Tiny improvement on code (the calibration domain), neutral on prose — expected at this bit rate (at 4+ bpw the base quant is already close to the original, so imatrix is a polish, not a transformation). Small internal checks, not rigorous benchmarks; reproduce before citing.

Status & caveats

Experimental research build. Results are hardware-, driver-, model-, and prompt-sensitive, and tuned for AMD Strix Halo — they may not reproduce on other GPUs. This is not native FP4 tensor-core execution. Do not treat these numbers as upstream llama.cpp claims.

Credits & license

  • Base model: Qwen3.6-27B (Qwen team) — a derivative quantization that inherits the base model's license; verify the original Qwen3.6 terms before redistribution/use.
  • BF16 GGUF source: unsloth/Qwen3.6-27B-MTP-GGUF @ 5cb35eb3dcbf52dbce5f87dbc64df6aaffadcace.
  • ROCmFP4 format & runtime: charlie12345/rocmfp4-llama (based on llama.cpp, MIT).

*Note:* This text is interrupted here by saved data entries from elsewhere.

(* Let $R$ be a ring with local units. If there is a trace $t$ on $R$ (with values in some ring) which is injective on the set of idempotents of $R$, then $R$ is directly finite. If $R$ is a $*$-ring with local units and there is a trace on $R$ which is injective on the set of projections (self-adjoint idempotents) of $R$, then $R$ is finite. In particular, a $*$-ring with local units admitting a faithful trace with values in a $*$-ring is finite.
   Context: Rings are associative, not necessarily unital. A ring $R$ has local units if for every finite subset $\{x_1,\dots,x_n\}\subseteq R$ there is an idempotent $u\in R$ with $x_iu=ux_i=x_i$ for all $i$. A ring with local units is directly finite if for all $x,y\in R$ and every idempotent $u$ with $xu=ux=x$ and $yu=uy=y$, $xy=u$ implies $yx=u$. A $*$-ring (ring with involution $x\mapsto x^*$: additive, $(xy)^*=y^*x^*$, $x^{**}=x$) with local units is finite if for all $x\in R$ and every idempotent $u$ with $xu=ux=x$, $xx^*=u$ implies $x^*x=u$. A trace is an additive map $t$ with $t(xy)=t(yx)$. In a $*$-ring, $x\ge0$ means $x$ is a finite sum of elements $zz^*$, and $x>0$ means $x\ge0$, $x\ne0$; a trace between $*$-rings is faithful if $x\ge0\Rightarrow t(x)\ge0$ and $x>0\Rightarrow t(x)>0$. *)

(* Non-unital (associative) rings are not in MathComp
   (its ring structures are unital), so we define them as a zmodType
   equipped with an associative, biadditive multiplication. *)
From HB Require Import structures.
From mathcomp Require Import all_boot all_order all_algebra.
Set Implicit Arguments. Unset Strict Implicit. Unset Printing Implicit Defensive.
Import GRing.Theory.
Local Open Scope ring_scope.

Record nuring := NURing {
  nr_sort :> zmodType;
  nr_mul : nr_sort -> nr_sort -> nr_sort;
  nr_mulA : forall x y z, nr_mul x (nr_mul y z) = nr_mul (nr_mul x y) z;
  nr_mulDl : forall x y z, nr_mul (x + y) z = nr_mul x z + nr_mul y z;
  nr_mulDr : forall x y z, nr_mul x (y + z) = nr_mul x y + nr_mul x z
}.
Arguments nr_mul {n}.

Record nustarring := NUStarRing {
  nsr_base :> nuring;
  nsr_star : nsr_base -> nsr_base;
  nsr_starD : forall x y, nsr_star (x + y) = nsr_star x + nsr_star y;
  nsr_starM : forall x y, nsr_star (nr_mul x y) = nr_mul (nsr_star y) (nsr_star x);
  nsr_starK : forall x, nsr_star (nsr_star x) = x
}.
Arguments nsr_star {n}.

Definition idempotent (R : nuring) (u : R) : Prop := nr_mul u u = u.

Definition unit_for (R : nuring) (u x : R) : Prop :=
  nr_mul x u = x /\ nr_mul u x = x.

Definition has_local_units (R : nuring) : Prop :=
  forall s : seq R, exists u : R, idempotent u /\ forall x, x \in s -> unit_for u x.

Definition directly_finite (R : nuring) : Prop :=
  forall (x y u : R), idempotent u -> unit_for u x -> unit_for u y ->
    nr_mul x y = u -> nr_mul y x = u.

Definition star_finite (R : nustarring) : Prop :=
  forall (x u : R), idempotent u -> unit_for u x ->
    nr_mul x (nsr_star x) = u -> nr_mul (nsr_star x) x = u.

Definition is_trace (R S : nuring) (t : R -> S) : Prop :=
  (forall x y, t (x + y) = t x + t y) /\
  (forall x y, t (nr_mul x y) = t (nr_mul y x)).

Definition projection (R : nustarring) (p : R) : Prop :=
  idempotent p /\ nsr_star p = p.

Definition injective_on_idempotents (R S : nuring) (t : R -> S) : Prop :=
  forall e f : R, idempotent e -> idempotent f -> t e = t f -> e = f.

Definition injective_on_projections (R : nustarring) (S : nuring) (t : R -> S) : Prop :=
  forall p q : R, projection p -> projection q -> t p = t q -> p = q.

Definition star_nonneg (R : nustarring) (x : R) : Prop :=
  exists s : seq R, x = \sum_(z <- s) nr_mul z (nsr_star z).

Definition star_pos (R : nustarring) (x : R) : Prop :=
  star_nonneg x /\ x <> 0.

Definition faithful_trace (R S : nustarring) (t : R -> S) : Prop :=
  is_trace (t : nsr_base R -> nsr_base S) /\
  (forall x : R, star_nonneg x -> star_nonneg (t x)) /\
  (forall x : R, star_pos x -> star_pos (t x)).

From Pilot Require Import Defs.
From mathcomp Require Import all_boot all_order all_algebra.
Set Implicit Arguments.
Unset Strict Implicit.
Unset Printing Implicit Defensive.
Import GRing.Theory.
Local Open Scope ring_scope.

(** Traces turn the relation [x y = u] into [t (y x) = t u]. For direct
finiteness, [y x] is an idempotent with the same trace as [u]. In the
[*]-case with [x x^* = u], both [u] and [p = x^* x] are projections with
[p <= u]; a trace injective on projections gives [p = u] directly, and a
faithful trace does too because [u - p] is a projection, hence positive
unless zero, while [t (u - p) = 0]. *)

Section AdditiveMorphism.
Variables (U V : zmodType) (f : U -> V).
Hypothesis fD : {morph f : x y / x + y}.

Lemma addmorph0 : f 0 = 0.
Proof. by apply: (@addrI _ (f 0)); rewrite -fD !addr0. Qed.

Lemma addmorphN : {morph f : x / - x}.
Proof. by move=> x; apply: (@addrI _ (f x)); rewrite -fD !subrr addmorph0. Qed.

Lemma addmorphB : {morph f : x y / x - y}.
Proof. by move=> x y; rewrite fD addmorphN. Qed.

End AdditiveMorphism.

(* Importing ssrfun shadows [Defs.idempotent] with the operator property
[idempotent op], hence the qualified name below. *)
Section NURingTheory.
Variable R : nuring.
Local Notation "x * y" := (@nr_mul R x y) : ring_scope.

Lemma nr_mulrBr (x y z : R) : x * (y - z) = x * y - x * z.
Proof. exact: (@addmorphB _ _ (nr_mul x) (nr_mulDr x)). Qed.

Lemma nr_mulrBl (x y z : R) : (x - y) * z = x * z - y * z.
Proof. exact: (@addmorphB _ _ (nr_mul^~ z) (fun x y => nr_mulDl x y z)). Qed.

Lemma idempotent_mul_rev (x y u : R) :
  y * u = y -> x * y = u -> Defs.idempotent (y * x).
Proof. by move=> yu xy; rewrite /Defs.idempotent nr_mulA -(nr_mulA y x) xy yu. Qed.

Lemma directly_finite_of_trace (S : nuring) (t : R -> S) :
  is_trace t -> injective_on_idempotents t -> directly_finite R.
Proof.
move=> [_ tC] t_inj x y u u_idem _ [yu _] xy.
by apply: t_inj; [exact: idempotent_mul_rev yu xy | | rewrite tC xy].
Qed.

End NURingTheory.

Section NUStarRingTheory.
Variable R : nustarring.
Local Notation "x * y" := (@nr_mul R x y) : ring_scope.
Local Notation "x ^*" := (@nsr_star R x) : ring_scope.

Definition proj_le (p q : R) : Prop := q * p = p /\ p * q = p.

Lemma nsr_starB (x y : R) : (x - y)^* = x^* - y^*.
Proof. exact: (@addmorphB _ _ nsr_star (@nsr_starD R)). Qed.

Lemma projection_subr (p q : R) :
  projection p -> projection q -> proj_le p q -> projection (q - p).
Proof.
move=> [p_idem p_sa] [q_idem q_sa] [qp pq]; split; last first.
  by rewrite nsr_starB p_sa q_sa.
rewrite /Defs.idempotent nr_mulrBl !nr_mulrBr qp pq q_idem p_idem.
by rewrite subrr subr0.
Qed.

Lemma star_nonneg_projection (p : R) : projection p -> star_nonneg p.
Proof.
by move=> [p_idem p_sa]; exists [:: p]; rewrite big_seq1 p_sa p_idem.
Qed.

Lemma partial_isometry_projections (x u : R) :
  unit_for u x -> x * x^* = u ->
  [/\ projection u, projection (x^* * x) & proj_le (x^* * x) u].
Proof.
move=> [xu ux] xxs.
have u_sa : u^* = u by rewrite -xxs nsr_starM nsr_starK.
have xsu : x^* * u = x^* by rewrite -u_sa -nsr_starM ux.
have uxs : u * x^* = x^* by rewrite -u_sa -nsr_starM xu.
split; first split => //.
- by rewrite /Defs.idempotent -{1}xxs -nr_mulA xsu.
- split; last by rewrite nsr_starM nsr_starK.
  by rewrite /Defs.idempotent nr_mulA -(nr_mulA _ x) xxs xsu.
- by split; [rewrite nr_mulA uxs | rewrite -nr_mulA xu].
Qed.

Lemma star_finite_of_trace (S : nuring) (t : R -> S) :
  is_trace t ->
  (forall p q, projection p -> projection q -> proj_le p q ->
     t p = t q -> p = q) ->
  star_finite R.
Proof.
move=> [_ tC] t_inj x u _ ux xxs.
have [u_proj p_proj le_pu] := partial_isometry_projections ux xxs.
by apply: t_inj => //; rewrite tC xxs.
Qed.

Lemma faithful_trace_proj_le_eq (S : nustarring) (t : R -> S) :
  faithful_trace t -> forall p q, projection p -> projection q ->
  proj_le p q -> t p = t q -> p = q.
Proof.
move=> [[tD _] [_ t_pos]] p q p_proj q_proj le_pq tpq.
have [/subr0_eq -> // | qp_neq0] := eqVneq (q - p) 0.
have [_ []] : star_pos (t (q - p)).
  apply: t_pos; split; last exact/eqP.
  exact/star_nonneg_projection/projection_subr.
by rewrite (addmorphB tD) tpq subrr.
Qed.

End NUStarRingTheory.

Theorem proposition4p2 :
  (forall (R S : nuring) (t : R -> S),
      has_local_units R -> is_trace t -> injective_on_idempotents t ->
      directly_finite R) /\
  (forall (R : nustarring) (S : nuring) (t : R -> S),
      has_local_units R -> is_trace t -> injective_on_projections t ->
      star_finite R) /\
  (forall (R S : nustarring) (t : R -> S),
      has_local_units R -> faithful_trace t -> star_finite R).
Proof.
split; [|split].
- by move=> R S t _; apply: directly_finite_of_trace.
- move=> R S t _ t_tr t_inj; apply: (star_finite_of_trace t_tr).
  by move=> p q p_proj q_proj _; apply: t_inj.
- move=> R S t _ t_faithful; apply: (star_finite_of_trace (proj1 t_faithful)).
  exact: faithful_trace_proj_le_eq.
Qed.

Part 2 — Making practical use of it

What I observed (the direction here)

These are hands-on observations from daily use on a Framework Desktop / AMD Ryzen AI Max+ 395 (gfx1151, 128 GB unified, ROCm 7.2.0) — not benchmarks, but the direction I was exploring:

  • Raising the token-embedding layer to full precision (f16) made the model follow instructions noticeably better. It was the single change I felt the most — the embedding is the foundation every layer builds on, and the model has a very large vocab, so a faithful embedding pays off. It costs almost nothing on speed because the embedding is a lookup, not a matmul.
  • The code-calibrated imatrix is a free polish on top (same size and speed) — small, but in the right direction on code.
  • It's fast and genuinely usable day-to-day: MTP self-speculative decoding with full-precision KV gives ~0.87–0.90 draft acceptance, and it holds up at long context.
  • It pairs especially well with my OpenCode fork (below), which keeps the prompt cache intact across history compaction — so long coding sessions don't re-prefill every turn.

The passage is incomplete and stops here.